Exercise instructions
Print, in exact form, the lines below from the one containing "Lemma sum_sqr_mxE m" through the one containing "move=> AAt; have", and omit all others.

Top of Provided material

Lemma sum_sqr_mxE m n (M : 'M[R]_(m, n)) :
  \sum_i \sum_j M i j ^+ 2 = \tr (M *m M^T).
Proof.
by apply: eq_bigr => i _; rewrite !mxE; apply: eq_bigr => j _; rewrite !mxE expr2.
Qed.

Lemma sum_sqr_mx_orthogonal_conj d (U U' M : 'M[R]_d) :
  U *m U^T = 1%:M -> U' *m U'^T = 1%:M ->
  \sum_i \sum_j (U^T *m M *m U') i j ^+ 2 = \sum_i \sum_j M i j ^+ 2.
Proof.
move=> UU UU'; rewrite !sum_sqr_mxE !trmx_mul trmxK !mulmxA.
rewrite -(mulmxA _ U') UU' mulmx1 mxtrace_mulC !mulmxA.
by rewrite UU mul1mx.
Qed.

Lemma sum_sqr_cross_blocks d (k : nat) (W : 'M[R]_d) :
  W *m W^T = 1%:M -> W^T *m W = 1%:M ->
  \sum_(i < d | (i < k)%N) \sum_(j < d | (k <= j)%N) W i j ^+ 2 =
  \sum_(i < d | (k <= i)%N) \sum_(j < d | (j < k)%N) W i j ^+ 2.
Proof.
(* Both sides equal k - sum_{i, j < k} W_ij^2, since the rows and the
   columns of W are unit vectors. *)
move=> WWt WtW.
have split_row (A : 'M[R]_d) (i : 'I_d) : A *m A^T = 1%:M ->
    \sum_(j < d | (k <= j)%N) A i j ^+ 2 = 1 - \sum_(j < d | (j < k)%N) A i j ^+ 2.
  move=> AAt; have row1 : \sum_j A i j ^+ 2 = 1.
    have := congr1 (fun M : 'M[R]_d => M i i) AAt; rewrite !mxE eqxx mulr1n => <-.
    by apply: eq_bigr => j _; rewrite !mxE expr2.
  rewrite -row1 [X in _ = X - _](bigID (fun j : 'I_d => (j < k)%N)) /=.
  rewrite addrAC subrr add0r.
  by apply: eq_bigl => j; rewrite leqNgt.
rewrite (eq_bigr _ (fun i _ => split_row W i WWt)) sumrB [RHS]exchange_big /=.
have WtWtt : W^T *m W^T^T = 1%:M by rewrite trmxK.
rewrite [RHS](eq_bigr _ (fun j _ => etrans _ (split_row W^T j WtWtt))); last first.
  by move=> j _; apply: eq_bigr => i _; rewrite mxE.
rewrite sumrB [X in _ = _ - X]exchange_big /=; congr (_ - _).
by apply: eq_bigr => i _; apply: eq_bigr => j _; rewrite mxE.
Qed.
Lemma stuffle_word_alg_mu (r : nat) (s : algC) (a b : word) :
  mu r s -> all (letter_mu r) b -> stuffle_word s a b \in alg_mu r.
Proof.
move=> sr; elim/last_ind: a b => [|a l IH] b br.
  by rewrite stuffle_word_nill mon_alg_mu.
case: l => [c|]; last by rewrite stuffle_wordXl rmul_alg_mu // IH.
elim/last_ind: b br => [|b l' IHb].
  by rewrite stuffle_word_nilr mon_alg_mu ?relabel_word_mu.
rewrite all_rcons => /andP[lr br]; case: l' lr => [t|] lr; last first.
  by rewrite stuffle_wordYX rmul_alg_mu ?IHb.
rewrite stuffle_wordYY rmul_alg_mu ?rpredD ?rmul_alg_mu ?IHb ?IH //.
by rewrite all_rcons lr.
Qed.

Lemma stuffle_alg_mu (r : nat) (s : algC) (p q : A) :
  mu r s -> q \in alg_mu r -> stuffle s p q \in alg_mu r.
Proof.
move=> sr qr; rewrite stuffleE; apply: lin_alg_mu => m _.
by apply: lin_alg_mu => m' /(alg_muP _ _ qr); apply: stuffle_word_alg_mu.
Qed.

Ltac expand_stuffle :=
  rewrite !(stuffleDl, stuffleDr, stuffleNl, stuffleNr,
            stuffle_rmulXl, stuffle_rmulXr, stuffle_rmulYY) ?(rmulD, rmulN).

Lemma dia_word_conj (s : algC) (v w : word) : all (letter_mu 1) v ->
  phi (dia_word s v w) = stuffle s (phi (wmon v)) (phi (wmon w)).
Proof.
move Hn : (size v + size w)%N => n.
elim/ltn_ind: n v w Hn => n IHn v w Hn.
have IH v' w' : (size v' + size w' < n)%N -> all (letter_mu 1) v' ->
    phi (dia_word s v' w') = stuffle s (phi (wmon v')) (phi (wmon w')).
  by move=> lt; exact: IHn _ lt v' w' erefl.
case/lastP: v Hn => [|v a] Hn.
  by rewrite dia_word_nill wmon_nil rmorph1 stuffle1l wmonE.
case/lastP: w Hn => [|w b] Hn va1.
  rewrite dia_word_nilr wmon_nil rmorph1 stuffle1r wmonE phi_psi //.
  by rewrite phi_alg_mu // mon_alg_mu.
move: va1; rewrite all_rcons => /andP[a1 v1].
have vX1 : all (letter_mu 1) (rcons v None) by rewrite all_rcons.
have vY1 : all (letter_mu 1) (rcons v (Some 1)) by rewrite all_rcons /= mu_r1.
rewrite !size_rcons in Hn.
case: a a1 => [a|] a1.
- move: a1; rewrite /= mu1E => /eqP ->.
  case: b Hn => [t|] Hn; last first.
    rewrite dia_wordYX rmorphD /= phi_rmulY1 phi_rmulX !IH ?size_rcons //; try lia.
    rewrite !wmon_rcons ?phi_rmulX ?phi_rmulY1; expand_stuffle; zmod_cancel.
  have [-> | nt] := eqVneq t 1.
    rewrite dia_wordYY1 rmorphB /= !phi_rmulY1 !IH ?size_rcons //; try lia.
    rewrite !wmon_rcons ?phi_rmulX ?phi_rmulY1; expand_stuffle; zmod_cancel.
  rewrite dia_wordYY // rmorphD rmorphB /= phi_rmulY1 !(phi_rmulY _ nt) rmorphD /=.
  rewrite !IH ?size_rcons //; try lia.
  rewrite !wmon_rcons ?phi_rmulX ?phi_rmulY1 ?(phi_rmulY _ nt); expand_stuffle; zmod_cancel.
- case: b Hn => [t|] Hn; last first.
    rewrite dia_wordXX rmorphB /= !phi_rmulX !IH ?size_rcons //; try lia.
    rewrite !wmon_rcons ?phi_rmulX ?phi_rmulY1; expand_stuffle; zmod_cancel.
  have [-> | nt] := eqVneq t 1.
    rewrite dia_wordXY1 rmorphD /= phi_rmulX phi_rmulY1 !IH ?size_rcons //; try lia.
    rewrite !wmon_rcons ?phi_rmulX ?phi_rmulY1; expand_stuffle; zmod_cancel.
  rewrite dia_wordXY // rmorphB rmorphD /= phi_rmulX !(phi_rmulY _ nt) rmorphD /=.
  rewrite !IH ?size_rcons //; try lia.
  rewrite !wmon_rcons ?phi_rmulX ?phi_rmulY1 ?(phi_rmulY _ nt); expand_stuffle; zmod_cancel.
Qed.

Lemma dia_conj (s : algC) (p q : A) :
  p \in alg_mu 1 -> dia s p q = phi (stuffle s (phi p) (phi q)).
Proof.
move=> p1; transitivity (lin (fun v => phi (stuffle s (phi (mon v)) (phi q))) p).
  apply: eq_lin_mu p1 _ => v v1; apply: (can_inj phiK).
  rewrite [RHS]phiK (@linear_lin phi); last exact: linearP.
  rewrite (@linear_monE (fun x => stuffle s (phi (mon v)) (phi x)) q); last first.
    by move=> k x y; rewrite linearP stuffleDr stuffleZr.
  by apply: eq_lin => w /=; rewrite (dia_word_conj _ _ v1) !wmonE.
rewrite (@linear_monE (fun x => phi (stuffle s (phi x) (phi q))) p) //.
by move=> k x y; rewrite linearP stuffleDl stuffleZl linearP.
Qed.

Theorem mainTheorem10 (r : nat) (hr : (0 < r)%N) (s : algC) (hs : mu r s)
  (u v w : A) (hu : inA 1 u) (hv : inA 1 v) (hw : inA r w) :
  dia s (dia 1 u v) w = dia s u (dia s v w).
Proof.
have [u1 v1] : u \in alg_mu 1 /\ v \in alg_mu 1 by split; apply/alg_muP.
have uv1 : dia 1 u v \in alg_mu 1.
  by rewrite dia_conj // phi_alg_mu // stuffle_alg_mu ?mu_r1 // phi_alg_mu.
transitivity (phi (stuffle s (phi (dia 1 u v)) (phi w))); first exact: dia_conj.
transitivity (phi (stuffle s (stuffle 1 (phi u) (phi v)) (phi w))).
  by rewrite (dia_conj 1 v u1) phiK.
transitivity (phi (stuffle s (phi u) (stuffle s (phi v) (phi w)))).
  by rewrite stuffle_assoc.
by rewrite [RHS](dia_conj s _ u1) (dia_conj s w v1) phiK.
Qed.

Bottom of Provided material
Top of Provided material

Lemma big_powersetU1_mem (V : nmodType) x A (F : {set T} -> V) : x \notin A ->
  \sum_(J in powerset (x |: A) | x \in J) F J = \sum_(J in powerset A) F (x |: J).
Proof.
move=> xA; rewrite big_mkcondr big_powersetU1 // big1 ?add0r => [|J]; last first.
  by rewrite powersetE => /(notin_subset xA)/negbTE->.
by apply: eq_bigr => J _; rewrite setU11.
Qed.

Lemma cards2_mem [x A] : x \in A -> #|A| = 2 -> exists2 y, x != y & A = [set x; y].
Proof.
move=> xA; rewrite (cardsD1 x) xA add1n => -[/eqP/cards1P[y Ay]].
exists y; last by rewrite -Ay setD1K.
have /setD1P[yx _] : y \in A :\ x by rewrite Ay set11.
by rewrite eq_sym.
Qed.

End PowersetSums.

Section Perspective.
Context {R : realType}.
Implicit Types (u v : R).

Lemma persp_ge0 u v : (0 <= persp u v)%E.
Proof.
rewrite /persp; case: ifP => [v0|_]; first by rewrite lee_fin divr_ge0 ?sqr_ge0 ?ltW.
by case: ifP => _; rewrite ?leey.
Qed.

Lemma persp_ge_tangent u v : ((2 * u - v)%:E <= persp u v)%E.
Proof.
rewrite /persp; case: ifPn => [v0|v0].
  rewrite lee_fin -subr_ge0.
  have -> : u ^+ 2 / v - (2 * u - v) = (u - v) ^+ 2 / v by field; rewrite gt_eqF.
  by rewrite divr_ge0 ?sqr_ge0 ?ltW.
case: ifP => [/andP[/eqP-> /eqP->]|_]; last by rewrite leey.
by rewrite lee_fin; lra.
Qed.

Bottom of Provided material

Response below
Lemma sum_sqr_mxE m n (M : 'M[R]_(m, n)) :
  \sum_i \sum_j M i j ^+ 2 = \tr (M *m M^T).
Proof.
by apply: eq_bigr => i _; rewrite !mxE; apply: eq_bigr => j _; rewrite !mxE expr2.
Qed.

Lemma sum_sqr_mx_orthogonal_conj d (U U' M : 'M[R]_d) :
  U *m U^T = 1%:M -> U' *m U'^T = 1%:M ->
  \sum_i \sum_j (U^T *m M *m U') i j ^+ 2 = \sum_i \sum_j M i j ^+ 2.
Proof.
move=> UU UU'; rewrite !sum_sqr_mxE !trmx_mul trmxK !mulmxA.
rewrite -(mulmxA _ U') UU' mulmx1 mxtrace_mulC !mulmxA.
by rewrite UU mul1mx.
Qed.

Lemma sum_sqr_cross_blocks d (k : nat) (W : 'M[R]_d) :
  W *m W^T = 1%:M -> W^T *m W = 1%:M ->
  \sum_(i < d | (i < k)%N) \sum_(j < d | (k <= j)%N) W i j ^+ 2 =
  \sum_(i < d | (k <= i)%N) \sum_(j < d | (j < k)%N) W i j ^+ 2.
Proof.
(* Both sides equal k - sum_{i, j < k} W_ij^2, since the rows and the
   columns of W are unit vectors. *)
move=> WWt WtW.
have split_row (A : 'M[R]_d) (i : 'I_d) : A *m A^T = 1%:M ->
    \sum_(j < d | (k <= j)%N) A i j ^+ 2 = 1 - \sum_(j < d | (j < k)%N) A i j ^+ 2.
  move=> AAt; have row1 : \sum_j A i j ^+ 2 = 1.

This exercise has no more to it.